⟨

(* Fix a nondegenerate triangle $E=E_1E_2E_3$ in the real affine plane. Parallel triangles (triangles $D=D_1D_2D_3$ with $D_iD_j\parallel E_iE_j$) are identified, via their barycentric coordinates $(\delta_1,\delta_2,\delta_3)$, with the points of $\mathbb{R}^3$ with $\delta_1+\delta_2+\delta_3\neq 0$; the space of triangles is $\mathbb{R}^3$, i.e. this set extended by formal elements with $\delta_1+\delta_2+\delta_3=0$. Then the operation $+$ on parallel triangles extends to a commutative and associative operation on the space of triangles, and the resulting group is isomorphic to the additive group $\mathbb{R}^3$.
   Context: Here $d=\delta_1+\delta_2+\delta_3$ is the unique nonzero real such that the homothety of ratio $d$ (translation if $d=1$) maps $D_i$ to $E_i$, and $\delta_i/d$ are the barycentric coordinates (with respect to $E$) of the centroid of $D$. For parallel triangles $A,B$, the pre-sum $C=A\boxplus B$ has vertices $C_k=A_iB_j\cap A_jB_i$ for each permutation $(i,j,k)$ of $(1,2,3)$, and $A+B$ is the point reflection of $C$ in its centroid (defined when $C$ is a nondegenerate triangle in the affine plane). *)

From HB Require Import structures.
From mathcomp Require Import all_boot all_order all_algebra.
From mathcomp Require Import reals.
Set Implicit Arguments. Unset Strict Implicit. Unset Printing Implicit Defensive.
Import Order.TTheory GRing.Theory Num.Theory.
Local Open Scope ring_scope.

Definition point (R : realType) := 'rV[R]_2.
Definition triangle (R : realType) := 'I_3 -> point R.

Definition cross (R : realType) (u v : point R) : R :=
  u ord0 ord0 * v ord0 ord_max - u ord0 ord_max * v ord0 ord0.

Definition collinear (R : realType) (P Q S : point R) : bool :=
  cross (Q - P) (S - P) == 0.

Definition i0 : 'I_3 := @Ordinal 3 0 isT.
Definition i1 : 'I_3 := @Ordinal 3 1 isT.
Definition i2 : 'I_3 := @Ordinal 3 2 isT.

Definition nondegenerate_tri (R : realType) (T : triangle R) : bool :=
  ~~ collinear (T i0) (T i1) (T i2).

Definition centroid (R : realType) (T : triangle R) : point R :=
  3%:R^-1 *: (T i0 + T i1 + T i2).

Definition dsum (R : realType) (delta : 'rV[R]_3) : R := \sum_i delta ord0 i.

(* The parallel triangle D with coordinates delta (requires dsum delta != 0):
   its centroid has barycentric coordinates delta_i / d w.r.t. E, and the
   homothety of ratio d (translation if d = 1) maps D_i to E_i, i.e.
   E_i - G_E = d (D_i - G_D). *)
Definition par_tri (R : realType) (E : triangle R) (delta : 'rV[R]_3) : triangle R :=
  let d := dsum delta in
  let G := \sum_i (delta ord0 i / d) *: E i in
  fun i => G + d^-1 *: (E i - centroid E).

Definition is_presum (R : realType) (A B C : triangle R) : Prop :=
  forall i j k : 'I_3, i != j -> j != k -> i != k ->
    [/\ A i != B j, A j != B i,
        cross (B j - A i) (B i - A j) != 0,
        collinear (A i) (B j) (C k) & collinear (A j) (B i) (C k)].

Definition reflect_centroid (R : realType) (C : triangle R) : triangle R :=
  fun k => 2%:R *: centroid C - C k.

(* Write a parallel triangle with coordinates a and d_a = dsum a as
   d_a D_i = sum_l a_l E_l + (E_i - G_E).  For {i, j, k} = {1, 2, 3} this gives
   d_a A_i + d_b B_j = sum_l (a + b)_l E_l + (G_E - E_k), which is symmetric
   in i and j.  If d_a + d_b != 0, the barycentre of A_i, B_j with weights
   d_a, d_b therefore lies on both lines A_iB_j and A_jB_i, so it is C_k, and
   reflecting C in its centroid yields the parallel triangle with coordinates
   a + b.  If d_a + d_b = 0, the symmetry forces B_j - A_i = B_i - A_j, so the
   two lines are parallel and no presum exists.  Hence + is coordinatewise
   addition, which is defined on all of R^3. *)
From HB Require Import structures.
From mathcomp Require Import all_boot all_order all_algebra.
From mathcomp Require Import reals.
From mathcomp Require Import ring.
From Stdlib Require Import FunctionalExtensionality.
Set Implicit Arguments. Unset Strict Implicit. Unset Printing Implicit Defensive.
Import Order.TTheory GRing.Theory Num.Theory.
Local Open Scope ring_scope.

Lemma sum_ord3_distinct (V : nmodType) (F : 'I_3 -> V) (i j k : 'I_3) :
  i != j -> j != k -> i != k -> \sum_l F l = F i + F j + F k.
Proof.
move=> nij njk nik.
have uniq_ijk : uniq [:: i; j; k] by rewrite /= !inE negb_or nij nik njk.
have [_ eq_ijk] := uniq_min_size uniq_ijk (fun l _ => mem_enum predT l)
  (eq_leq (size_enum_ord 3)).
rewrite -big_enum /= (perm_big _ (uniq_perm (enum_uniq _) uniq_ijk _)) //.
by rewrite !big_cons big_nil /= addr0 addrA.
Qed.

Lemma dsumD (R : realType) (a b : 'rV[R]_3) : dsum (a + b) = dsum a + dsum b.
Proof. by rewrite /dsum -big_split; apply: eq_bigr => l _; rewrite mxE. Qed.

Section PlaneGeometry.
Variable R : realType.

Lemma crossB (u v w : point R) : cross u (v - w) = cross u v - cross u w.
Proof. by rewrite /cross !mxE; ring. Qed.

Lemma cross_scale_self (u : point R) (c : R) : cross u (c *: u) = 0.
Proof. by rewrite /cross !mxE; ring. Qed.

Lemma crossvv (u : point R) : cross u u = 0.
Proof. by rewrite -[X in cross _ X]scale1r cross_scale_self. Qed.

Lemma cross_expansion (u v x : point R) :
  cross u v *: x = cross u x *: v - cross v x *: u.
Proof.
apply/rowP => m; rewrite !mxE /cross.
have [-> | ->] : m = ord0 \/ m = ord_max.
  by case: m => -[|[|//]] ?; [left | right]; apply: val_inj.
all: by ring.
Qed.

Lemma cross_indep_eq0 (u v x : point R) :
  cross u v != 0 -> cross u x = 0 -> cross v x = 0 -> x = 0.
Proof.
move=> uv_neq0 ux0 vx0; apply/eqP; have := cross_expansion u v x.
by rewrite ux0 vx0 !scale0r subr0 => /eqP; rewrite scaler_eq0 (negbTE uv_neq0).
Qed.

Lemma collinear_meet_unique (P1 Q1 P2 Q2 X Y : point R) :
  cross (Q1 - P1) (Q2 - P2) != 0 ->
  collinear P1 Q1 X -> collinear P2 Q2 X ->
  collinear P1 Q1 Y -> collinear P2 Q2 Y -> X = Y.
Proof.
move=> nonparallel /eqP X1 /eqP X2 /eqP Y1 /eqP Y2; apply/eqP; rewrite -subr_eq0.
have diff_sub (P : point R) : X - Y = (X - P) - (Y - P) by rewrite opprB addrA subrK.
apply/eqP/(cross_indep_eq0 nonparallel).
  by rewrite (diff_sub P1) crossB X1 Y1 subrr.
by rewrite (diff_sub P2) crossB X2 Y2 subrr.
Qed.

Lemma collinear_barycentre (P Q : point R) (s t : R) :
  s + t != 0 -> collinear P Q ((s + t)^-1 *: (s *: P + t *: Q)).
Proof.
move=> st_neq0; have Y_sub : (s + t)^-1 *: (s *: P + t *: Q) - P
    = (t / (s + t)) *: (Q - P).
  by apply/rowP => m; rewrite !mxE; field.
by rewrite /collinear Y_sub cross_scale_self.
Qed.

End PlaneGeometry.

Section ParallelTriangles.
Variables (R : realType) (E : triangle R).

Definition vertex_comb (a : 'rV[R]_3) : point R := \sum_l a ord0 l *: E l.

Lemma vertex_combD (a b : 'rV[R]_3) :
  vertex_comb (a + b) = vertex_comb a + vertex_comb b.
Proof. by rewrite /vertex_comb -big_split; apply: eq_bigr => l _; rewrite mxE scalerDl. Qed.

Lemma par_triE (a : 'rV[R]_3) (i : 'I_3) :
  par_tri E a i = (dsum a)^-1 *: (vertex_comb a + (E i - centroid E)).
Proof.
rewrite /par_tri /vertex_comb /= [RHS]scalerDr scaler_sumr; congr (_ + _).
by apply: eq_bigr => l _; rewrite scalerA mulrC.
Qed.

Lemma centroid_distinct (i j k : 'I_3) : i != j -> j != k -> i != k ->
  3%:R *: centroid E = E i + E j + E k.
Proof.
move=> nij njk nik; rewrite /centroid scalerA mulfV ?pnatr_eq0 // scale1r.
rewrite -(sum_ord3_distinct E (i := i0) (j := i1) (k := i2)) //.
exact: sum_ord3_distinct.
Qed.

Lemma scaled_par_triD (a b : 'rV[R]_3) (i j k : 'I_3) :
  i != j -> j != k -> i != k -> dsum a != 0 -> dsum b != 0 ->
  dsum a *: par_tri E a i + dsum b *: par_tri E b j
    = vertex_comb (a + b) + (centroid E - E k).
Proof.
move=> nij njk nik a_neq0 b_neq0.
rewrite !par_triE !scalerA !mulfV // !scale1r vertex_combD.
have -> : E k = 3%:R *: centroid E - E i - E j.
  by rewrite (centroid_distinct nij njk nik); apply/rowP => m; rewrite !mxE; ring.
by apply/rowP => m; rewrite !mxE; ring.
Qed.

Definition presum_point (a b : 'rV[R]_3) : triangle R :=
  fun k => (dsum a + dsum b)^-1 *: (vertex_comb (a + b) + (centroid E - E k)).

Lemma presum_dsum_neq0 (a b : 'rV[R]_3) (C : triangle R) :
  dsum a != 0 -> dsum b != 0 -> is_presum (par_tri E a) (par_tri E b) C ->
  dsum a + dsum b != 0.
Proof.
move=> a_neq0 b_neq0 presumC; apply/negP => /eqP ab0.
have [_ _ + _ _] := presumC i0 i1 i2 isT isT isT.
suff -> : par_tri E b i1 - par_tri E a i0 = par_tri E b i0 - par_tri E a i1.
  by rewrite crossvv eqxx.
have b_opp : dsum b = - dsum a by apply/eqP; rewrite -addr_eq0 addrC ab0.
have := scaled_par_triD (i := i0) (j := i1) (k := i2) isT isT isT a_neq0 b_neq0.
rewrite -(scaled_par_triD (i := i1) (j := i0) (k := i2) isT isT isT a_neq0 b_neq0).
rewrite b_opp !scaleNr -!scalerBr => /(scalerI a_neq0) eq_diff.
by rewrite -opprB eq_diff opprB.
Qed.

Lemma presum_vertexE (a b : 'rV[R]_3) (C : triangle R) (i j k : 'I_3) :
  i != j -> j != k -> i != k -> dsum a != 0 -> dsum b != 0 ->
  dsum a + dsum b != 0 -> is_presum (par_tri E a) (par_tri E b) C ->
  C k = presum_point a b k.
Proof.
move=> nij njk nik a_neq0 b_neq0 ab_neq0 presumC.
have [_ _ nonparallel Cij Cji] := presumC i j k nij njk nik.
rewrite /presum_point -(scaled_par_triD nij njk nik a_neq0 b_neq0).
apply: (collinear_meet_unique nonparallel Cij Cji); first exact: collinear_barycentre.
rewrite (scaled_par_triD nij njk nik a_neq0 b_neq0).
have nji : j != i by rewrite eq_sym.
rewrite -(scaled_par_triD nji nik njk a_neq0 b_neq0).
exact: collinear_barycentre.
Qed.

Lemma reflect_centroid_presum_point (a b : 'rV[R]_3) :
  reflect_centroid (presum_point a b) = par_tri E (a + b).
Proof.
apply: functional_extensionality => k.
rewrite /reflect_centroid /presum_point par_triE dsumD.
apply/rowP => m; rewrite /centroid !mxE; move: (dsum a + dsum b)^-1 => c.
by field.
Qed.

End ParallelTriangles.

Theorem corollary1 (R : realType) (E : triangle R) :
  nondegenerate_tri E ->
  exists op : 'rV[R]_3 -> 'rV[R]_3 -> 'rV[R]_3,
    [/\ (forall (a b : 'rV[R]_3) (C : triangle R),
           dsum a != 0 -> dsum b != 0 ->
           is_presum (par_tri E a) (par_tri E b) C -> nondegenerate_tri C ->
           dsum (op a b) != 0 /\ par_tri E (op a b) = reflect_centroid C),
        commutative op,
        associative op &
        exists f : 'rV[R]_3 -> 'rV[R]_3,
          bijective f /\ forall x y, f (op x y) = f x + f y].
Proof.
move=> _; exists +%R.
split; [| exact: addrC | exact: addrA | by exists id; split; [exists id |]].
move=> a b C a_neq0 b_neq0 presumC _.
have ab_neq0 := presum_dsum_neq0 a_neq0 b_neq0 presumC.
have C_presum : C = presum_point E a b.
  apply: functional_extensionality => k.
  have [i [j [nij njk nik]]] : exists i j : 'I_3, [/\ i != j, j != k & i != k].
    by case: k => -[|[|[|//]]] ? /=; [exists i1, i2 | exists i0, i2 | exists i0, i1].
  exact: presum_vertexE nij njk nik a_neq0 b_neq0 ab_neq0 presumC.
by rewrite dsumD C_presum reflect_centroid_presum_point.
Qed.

⟩

**Task requirements:** Using the records, find the number of lines in which the string "Ordinal" occurs. Reply with that number alone.

**Solution to this task:** 3